*What you are asked to do*: From the data below, repeat exactly the lines from the line with "rewrite !big_ord_recr big_ord0 /= !addSn add0n add0r." to the line with "Lemma gcoef_col0 (w", both included.

- - - -

Lemma cmeasurableM (f g : T -> R[i]) :
  cmeasurable f -> cmeasurable g -> cmeasurable (fun x => f x * g x).
Proof.
move=> [fR fI] [gR gI]; split.
- rewrite (_ : (fun x => _) = fun x => complex.Re (f x) * complex.Re (g x) -
      complex.Im (f x) * complex.Im (g x)); last by apply/funext => x; case: (f x) (g x) => [? ?] [? ?].
  by apply: measurable_realfun.measurable_funB; apply: measurable_realfun.measurable_funM.
- rewrite (_ : (fun x => _) = fun x => complex.Re (f x) * complex.Im (g x) +
      complex.Im (f x) * complex.Re (g x)); last by apply/funext => x; case: (f x) (g x) => [? ?] [? ?].
  by apply: measurable_realfun.measurable_funD; apply: measurable_realfun.measurable_funM.
Qed.

Lemma cmeasurableX (f : T -> R[i]) n : cmeasurable f -> cmeasurable (fun x => f x ^+ n).
Proof.
move=> mf; elim: n => [|n IH].
  by under eq_fun do rewrite expr0; exact: cmeasurable_cst.
by under eq_fun do rewrite exprS; exact: cmeasurableM.
Qed.

Lemma cmeasurable_conj (f : T -> R[i]) : cmeasurable f -> cmeasurable (fun x => (f x)^*).
Proof.
move=> [fR fI]; split.
  by rewrite (_ : (fun x => _) = fun x => complex.Re (f x)) //; apply/funext => x; case: (f x).
rewrite (_ : (fun x => _) = fun x => - complex.Im (f x)); last by apply/funext => x; case: (f x).
exact: measurable_realfun.measurable_funN.
Qed.

End ComplexMeasurable.

Section RealIntegralSum.
Context d (T : measurableType d) (R : realType).
Variables (mu : {measure set T -> \bar R}) (D : set T).
Hypothesis mD : measurable D.

Lemma integrable_Rsum I (s : seq I) (f : I -> T -> R) :
  (forall i, mu.-integrable D (EFin \o f i)) ->
  mu.-integrable D (EFin \o (fun x => \sum_(i <- s) f i x)).
Proof.
move=> intf; rewrite (_ : _ \o _ = fun x => (\sum_(i <- s) (f i x)%:E)%E).
  by apply: (integrable_sum mD) => i _; exact: intf.
by apply/funext => x; rewrite /= sumEFin.
Qed.

Lemma Rintegral_sum I (s : seq I) (f : I -> T -> R) :
  (forall i, mu.-integrable D (EFin \o f i)) ->
  \int[mu]_(x in D) (\sum_(i <- s) f i x) = \sum_(i <- s) \int[mu]_(x in D) f i x.
Proof.
move=> intf; elim: s => [|i s IH].
  by under eq_Rintegral do rewrite big_nil; rewrite Rintegral_cst // mul0r big_nil.
under eq_Rintegral do rewrite big_cons.
by rewrite RintegralD ?IH ?big_cons //; exact: integrable_Rsum.
Qed.

End RealIntegralSum.

Section RealToComplex.
Variable R : rcfType.

Lemma rCM (x y : R) : rC (x * y) = rC x * rC y.
Proof. exact: (rmorphM (real_complex R)). Qed.

Lemma rCN (x : R) : rC (- x) = - rC x.
Proof. exact: (rmorphN (real_complex R)). Qed.

Lemma rC_sum I (s : seq I) (F : I -> R) : rC (\sum_(i <- s) F i) = \sum_(i <- s) rC (F i).
Proof. exact: (rmorph_sum (real_complex R)). Qed.

Lemma conj_rC (x : R) : (rC x)^* = rC x.
Proof. exact: conjc_real. Qed.

End RealToComplex.

Section SkewProductOfRealPolynomials.
Variable R : realType.
Variable mu : {measure set (R * R)%type -> \bar R}.

Definition zmonomial (a b : nat) (p : R * R) : R[i] := zc p ^+ a * (zc p)^* ^+ b.

Lemma conj_zmonomial a b p : (zmonomial a b p)^* = zmonomial b a p.
Proof. by rewrite /zmonomial rmorphM !rmorphXn /= conjCK mulrC. Qed.

Lemma mhat_sym j k : mhat mu j k = mhat mu k j.
Proof.
rewrite /mhat /moment /cintegral /=; congr fine; apply: eq_integral => p _.
by rewrite -/(zmonomial j k p) -/(zmonomial k j p) -conj_zmonomial; case: (zmonomial k j p).
Qed.

Lemma cmeasurable_zmonomial a b : cmeasurable (zmonomial a b).
Proof.
have mz : cmeasurable (@zc R) by split; [exact: measurable_fst | exact: measurable_snd].
by apply: cmeasurableM; apply: cmeasurableX => //; exact: cmeasurable_conj.
Qed.

Lemma Re_zmonomial_le a b p :
  `|complex.Re (zmonomial a b p)| <= Num.sqrt (p.1 ^+ 2 + p.2 ^+ 2) ^+ (a + b).
Proof.
rewrite -lecR (le_trans (normc_ge_Re _)) // /zmonomial normrM !normrX normcJ -exprD.
by rewrite normc_def rmorphXn.
Qed.

Hypothesis finite_moments : forall n : nat,
  mu.-integrable setT (fun p : R * R => ((Num.sqrt (p.1 ^+ 2 + p.2 ^+ 2)) ^+ n)%:E).

Lemma integrable_Re_zmonomial a b :
  mu.-integrable setT (EFin \o (fun p => complex.Re (zmonomial a b p))).
Proof.
apply: le_integrable (finite_moments (a + b)) => //.
  by apply/measurable_realfun.measurable_EFinP; exact: (cmeasurable_zmonomial a b).1.
by move=> p _ /=; rewrite lee_fin [X in _ <= X]ger0_norm ?Re_zmonomial_le.
Qed.

Definition real_poly (c : nat -> R) (N : nat) : {poly R[i]} := \sum_(i < N) rC (c i) *: 'X^i.

Definition gform (c c' : nat -> R) (N M : nat) : R :=
  \sum_(i < N) \sum_(j < M) c i * c' j * gcoef mu i j.

Lemma horner_real_poly c N z : (real_poly c N).[z] = \sum_(i < N) rC (c i) * z ^+ i.
Proof. by rewrite horner_sum; apply: eq_bigr => i _; rewrite hornerZ hornerXn. Qed.

Lemma conj_horner_real_poly c N z :
  ((real_poly c N).[z])^* = \sum_(i < N) rC (c i) * z^* ^+ i.
Proof.
rewrite horner_real_poly rmorph_sum; apply: eq_bigr => i _.
by rewrite rmorphM rmorphXn /= conj_rC.
Qed.

Definition gterm (i j : nat) (p : R * R) : R :=
  2 * (complex.Re (zmonomial i.+1 j p) - complex.Re (zmonomial i j.+1 p)).

Lemma zmonomial_skew_term i j p :
  (zmonomial i j p - zmonomial j i p) * (zc p - (zc p)^*) = rC (gterm i j p).
Proof.
have mulz a b : zmonomial a b p * zc p = zmonomial a.+1 b p.
  by rewrite /zmonomial mulrAC -exprSr.
have mulzJ a b : zmonomial a b p * (zc p)^* = zmonomial a b.+1 p.
  by rewrite /zmonomial -mulrA -exprSr.
rewrite mulrBl !mulrBr !mulz !mulzJ -[zmonomial j.+1 i p]conj_zmonomial.
rewrite -[zmonomial j i.+1 p]conj_zmonomial /gterm.
by case: (zmonomial i.+1 j p) => a b; case: (zmonomial i j.+1 p) => c d /=; congr Complex; ring.
Qed.

Lemma skew_integrand_real_poly c c' N M p :
  let z := zc p in
  ((real_poly c N).[z] * ((real_poly c' M).[z])^* -
   (real_poly c' M).[z] * ((real_poly c N).[z])^*) * (z - z^*) =
  rC (\sum_(i < N) \sum_(j < M) c i * c' j * gterm i j p).
Proof.
rewrite /= !conj_horner_real_poly !horner_real_poly !big_distrlr /=.
rewrite [X in _ - X]exchange_big -sumrB mulr_suml rC_sum; apply: eq_bigr => i _.
rewrite -sumrB mulr_suml rC_sum; apply: eq_bigr => j _.
by rewrite (rCM (c i * c' j)) rCM -zmonomial_skew_term /zmonomial; ring.
Qed.

Lemma integrable_Re_zmonomialB a b a' b' : mu.-integrable setT
  (EFin \o (fun p => complex.Re (zmonomial a b p) - complex.Re (zmonomial a' b' p))).
Proof. exact: integrableB (integrable_Re_zmonomial a b) (integrable_Re_zmonomial a' b'). Qed.

Lemma integrable_gterm i j : mu.-integrable setT (EFin \o gterm i j).
Proof. exact (integrableZl measurableT 2 (integrable_Re_zmonomialB i.+1 j i j.+1)). Qed.

Lemma Rintegral_gterm i j : \int[mu]_p gterm i j p = gcoef mu i j.
Proof.
by rewrite RintegralZl ?RintegralB //;
  [exact: integrable_Re_zmonomial.. | exact: integrable_Re_zmonomialB].
Qed.

Lemma skew_prod_real_poly c c' N M :
  skew_prod mu (real_poly c N) (real_poly c' M) = rC (gform c c' N M).
Proof.
rewrite /skew_prod; under eq_fun do rewrite skew_integrand_real_poly.
rewrite /cintegral /= integral0 /=; congr Complex; rewrite -/(Rintegral _ _ _).
have intZ i j k : mu.-integrable setT (EFin \o (fun p => k * gterm i j p)).
  exact: integrableZl (integrable_gterm i j).
rewrite Rintegral_sum //; last by move=> i; apply: (integrable_Rsum measurableT) => j; exact: intZ.
apply: eq_bigr => i _; rewrite Rintegral_sum; last 2 first.
- exact: measurableT.
- by move=> j; exact: intZ.
apply: eq_bigr => j _.
by rewrite RintegralZl ?Rintegral_gterm //; exact: integrable_gterm.
Qed.

End SkewProductOfRealPolynomials.

Lemma big_ord_support (V : nmodType) N m k (F : nat -> V) :
  (m + k <= N)%N -> (forall a, (a < m)%N || (m + k <= a)%N -> F a = 0) ->
  \sum_(a < N) F a = \sum_(i < k) F (i + m)%N.
Proof.
move=> le_N F0; have le_m : (m <= m + k)%N := leq_addr k m.
rewrite -(big_mkord xpredT F) (big_cat_nat (leq0n m) (leq_trans le_m le_N)).
rewrite (big_cat_nat le_m le_N) /= [X in X + _]big1_seq ?add0r => [|a]; last first.
  by rewrite mem_iota subn0 => /and3P[_ _ lt_am]; rewrite F0 ?lt_am.
rewrite [X in _ + X]big1_seq ?addr0 => [|a]; last first.
  by rewrite mem_iota => /and3P[_ le_a _]; rewrite F0 ?le_a ?orbT.
by rewrite -{1}[m]add0n big_addn addKn big_mkord.
Qed.

Section TridiagonalMoments.
Variable R : realType.
Variable mu : {measure set (R * R)%type -> \bar R}.

Lemma gcoef_skew x y : gcoef mu x y = - gcoef mu y x.
Proof. by rewrite /gcoef (mhat_sym mu x.+1 y) (mhat_sym mu x y.+1) -mulrN opprB. Qed.

Lemma gcoef_diag x : gcoef mu x x = 0.
Proof. by have := gcoef_skew x x; lra. Qed.

Lemma gform_skew (c c' : nat -> R) N M : gform mu c c' N M = - gform mu c' c M N.
Proof.
rewrite /gform exchange_big -sumrN; apply: eq_bigr => j _.
by rewrite -sumrN; apply: eq_bigr => i _; rewrite gcoef_skew; ring.
Qed.

Lemma gform_self (c : nat -> R) N : gform mu c c N N = 0.
Proof. by have := gform_skew c c N N; lra. Qed.

Lemma gform_col_zero (c c' : nat -> R) N M :
  (forall b, (b < M)%N -> \sum_(a < N) c a * gcoef mu a b = 0) -> gform mu c c' N M = 0.
Proof.
move=> col0; rewrite /gform exchange_big big1 // => j _.
rewrite (eq_bigr (fun i : 'I_N => c' j * (c i * gcoef mu i j))) => [|i _]; last by ring.
by rewrite -mulr_sumr col0 ?mulr0.
Qed.

Hypothesis moment_tridiag :
  forall j k : nat, ((j + 2 <= k) || (k + 2 <= j))%N -> moment mu j k = 0.

Lemma mhat_tridiag j k : ((j + 2 <= k) || (k + 2 <= j))%N -> mhat mu j k = 0.
Proof. by move=> far; rewrite /mhat moment_tridiag. Qed.

Lemma gcoef_band x y : (x + 3 <= y)%N -> gcoef mu x y = 0.
Proof. by move=> far; rewrite /gcoef !mhat_tridiag ?subrr ?mulr0 //; apply/orP; left; lia. Qed.

Lemma gcoef_succ x : gcoef mu x x.+1 = 2 * mhat mu x.+1 x.+1.
Proof. by rewrite /gcoef (@mhat_tridiag x) ?subr0 // addn2 leqnn. Qed.

Lemma gcoef_succ2 x : gcoef mu x x.+2 = 2 * mhat mu x.+1 x.+2.
Proof. by rewrite /gcoef (@mhat_tridiag x) ?subr0 // addn2 leqnSn. Qed.

Lemma gcoef_far a b : ((a + 3 <= b) || (b + 3 <= a))%N -> gcoef mu a b = 0.
Proof.
case/orP=> far; first exact: gcoef_band.
by rewrite gcoef_skew gcoef_band ?oppr0.
Qed.

Lemma gcoef_col_sum (w : nat -> R) N c : (c.+4 < N)%N ->
  \sum_(a < N) w a * gcoef mu a c.+2 =
  2 * (mhat mu c.+1 c.+2 * w c + mhat mu c.+2 c.+2 * w c.+1
       - mhat mu c.+3 c.+3 * w c.+3 - mhat mu c.+3 c.+4 * w c.+4).
Proof.
move=> le_N; rewrite (@big_ord_support _ _ c 5 (fun a => w a * gcoef mu a c.+2)); last 2 first.
- by lia.
- by move=> a far; rewrite gcoef_far ?mulr0 //; lia.
rewrite !big_ord_recr big_ord0 /= !addSn add0n add0r.
rewrite (gcoef_skew c.+3) (gcoef_skew c.+4) gcoef_diag.
by rewrite !gcoef_succ !gcoef_succ2; ring.
Qed.

Lemma gcoef_col0 (w : nat -> R) N : (3 <= N)%N ->
  \sum_(a < N) w a * gcoef mu a 0 = - (2 * (mhat mu 1 1 * w 1%N + mhat mu 1 2 * w 2%N)).
Proof.
move=> le_N; rewrite (@big_ord_support _ _ 0 3 (fun a => w a * gcoef mu a 0)); last 2 first.
- by lia.
- by move=> a far; rewrite gcoef_far ?mulr0 //; lia.
rewrite !big_ord_recr big_ord0 /= !addSn add0n add0r gcoef_diag (gcoef_skew 1) (gcoef_skew 2).
by rewrite gcoef_succ gcoef_succ2; ring.
Qed.

Lemma gcoef_col1 (w : nat -> R) N : (4 <= N)%N ->
  \sum_(a < N) w a * gcoef mu a 1 =
  2 * (mhat mu 1 1 * w 0%N - mhat mu 2 2 * w 2%N - mhat mu 2 3 * w 3%N).
Proof.
move=> le_N; rewrite (@big_ord_support _ _ 0 4 (fun a => w a * gcoef mu a 1)); last 2 first.
- by lia.
- by move=> a far; rewrite gcoef_far ?mulr0 //; lia.
rewrite !big_ord_recr big_ord0 /= !addSn add0n add0r gcoef_diag (gcoef_skew 2) (gcoef_skew 3).
by rewrite !gcoef_succ gcoef_succ2; ring.
Qed.

Lemma DeltaS0 : DeltaS mu 0 = 1.
Proof. exact: pfaffian_nat0. Qed.

Lemma DeltaS1 : DeltaS mu 1 = 2 * mhat mu 1 1.
Proof. by rewrite /DeltaS /Gmat pfaffian_nat1 ?gcoef_succ //; exact: gcoef_skew. Qed.

Lemma DeltaS_rec n : DeltaS mu n.+2 =
  2 * mhat mu n.*2.+3 n.*2.+3 * DeltaS mu n.+1 -
  4 * mhat mu n.*2.+1 n.*2.+2 * mhat mu n.*2.+2 n.*2.+3 * DeltaS mu n.
Proof.
rewrite /DeltaS /Gmat pfaffian_band_rec; [|exact: gcoef_skew | exact: gcoef_band].
by rewrite gcoef_succ !gcoef_succ2; ring.
Qed.

Hypothesis DeltaS_succ_neq0 : forall k : nat, DeltaS mu k.+1 != 0.

Lemma DeltaS_neq0 k : DeltaS mu k != 0.
Proof. by case: k => [|k]; [rewrite DeltaS0 oner_neq0 | exact: DeltaS_succ_neq0]. Qed.

Lemma Zc1 : Zc mu 1 = mhat mu 1 1.
Proof. by rewrite /Zc /= DeltaS0 DeltaS1 divr1 mulKf ?pnatr_eq0. Qed.

Lemma Zc_neq0 j : Zc mu j != 0.
Proof.
rewrite /Zc mulf_neq0 ?invr_eq0 ?pnatr_eq0 //.
by apply: mulf_neq0; rewrite ?invr_eq0 DeltaS_neq0.
Qed.

Lemma Zc_rec n : Zc mu n.+2 * Zc mu n.+1 =
  mhat mu n.*2.+3 n.*2.+3 * Zc mu n.+1 - mhat mu n.*2.+1 n.*2.+2 * mhat mu n.*2.+2 n.*2.+3.
Proof.
rewrite /Zc /= DeltaS_rec.
move: (DeltaS_neq0 n.+1) (DeltaS_neq0 n); move: (DeltaS mu n.+1) (DeltaS mu n) => D1 D0 D1_neq0 D0_neq0.
by field; rewrite D1_neq0 D0_neq0.
Qed.

Definition coef_rec (k : nat) (w : nat -> R) := forall j, (1 <= j <= k)%N ->
  Zc mu j * w j.*2.-1 = - (mhat mu j.*2.-1 j.*2 * w j.*2) /\
  Zc mu j * w (j.*2 - 2)%N = mhat mu j.*2 j.*2.+1 * w j.*2.+1 + mhat mu j.*2 j.*2 * w j.*2.

Lemma coef_recS k w j : coef_rec k w -> (j < k)%N ->
  Zc mu j.+1 * w j.*2.+1 = - (mhat mu j.*2.+1 j.*2.+2 * w j.*2.+2) /\
  Zc mu j.+1 * w j.*2 = mhat mu j.*2.+2 j.*2.+3 * w j.*2.+3 + mhat mu j.*2.+2 j.*2.+2 * w j.*2.+2.
Proof. by move=> rec lt_jk; have := rec j.+1; rewrite doubleS subn2 /=; apply. Qed.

- - - -

*Output*:
rewrite !big_ord_recr big_ord0 /= !addSn add0n add0r.
rewrite (gcoef_skew c.+3) (gcoef_skew c.+4) gcoef_diag.
by rewrite !gcoef_succ !gcoef_succ2; ring.
Qed.

Lemma gcoef_col0 (w : nat -> R) N : (3 <= N)%N ->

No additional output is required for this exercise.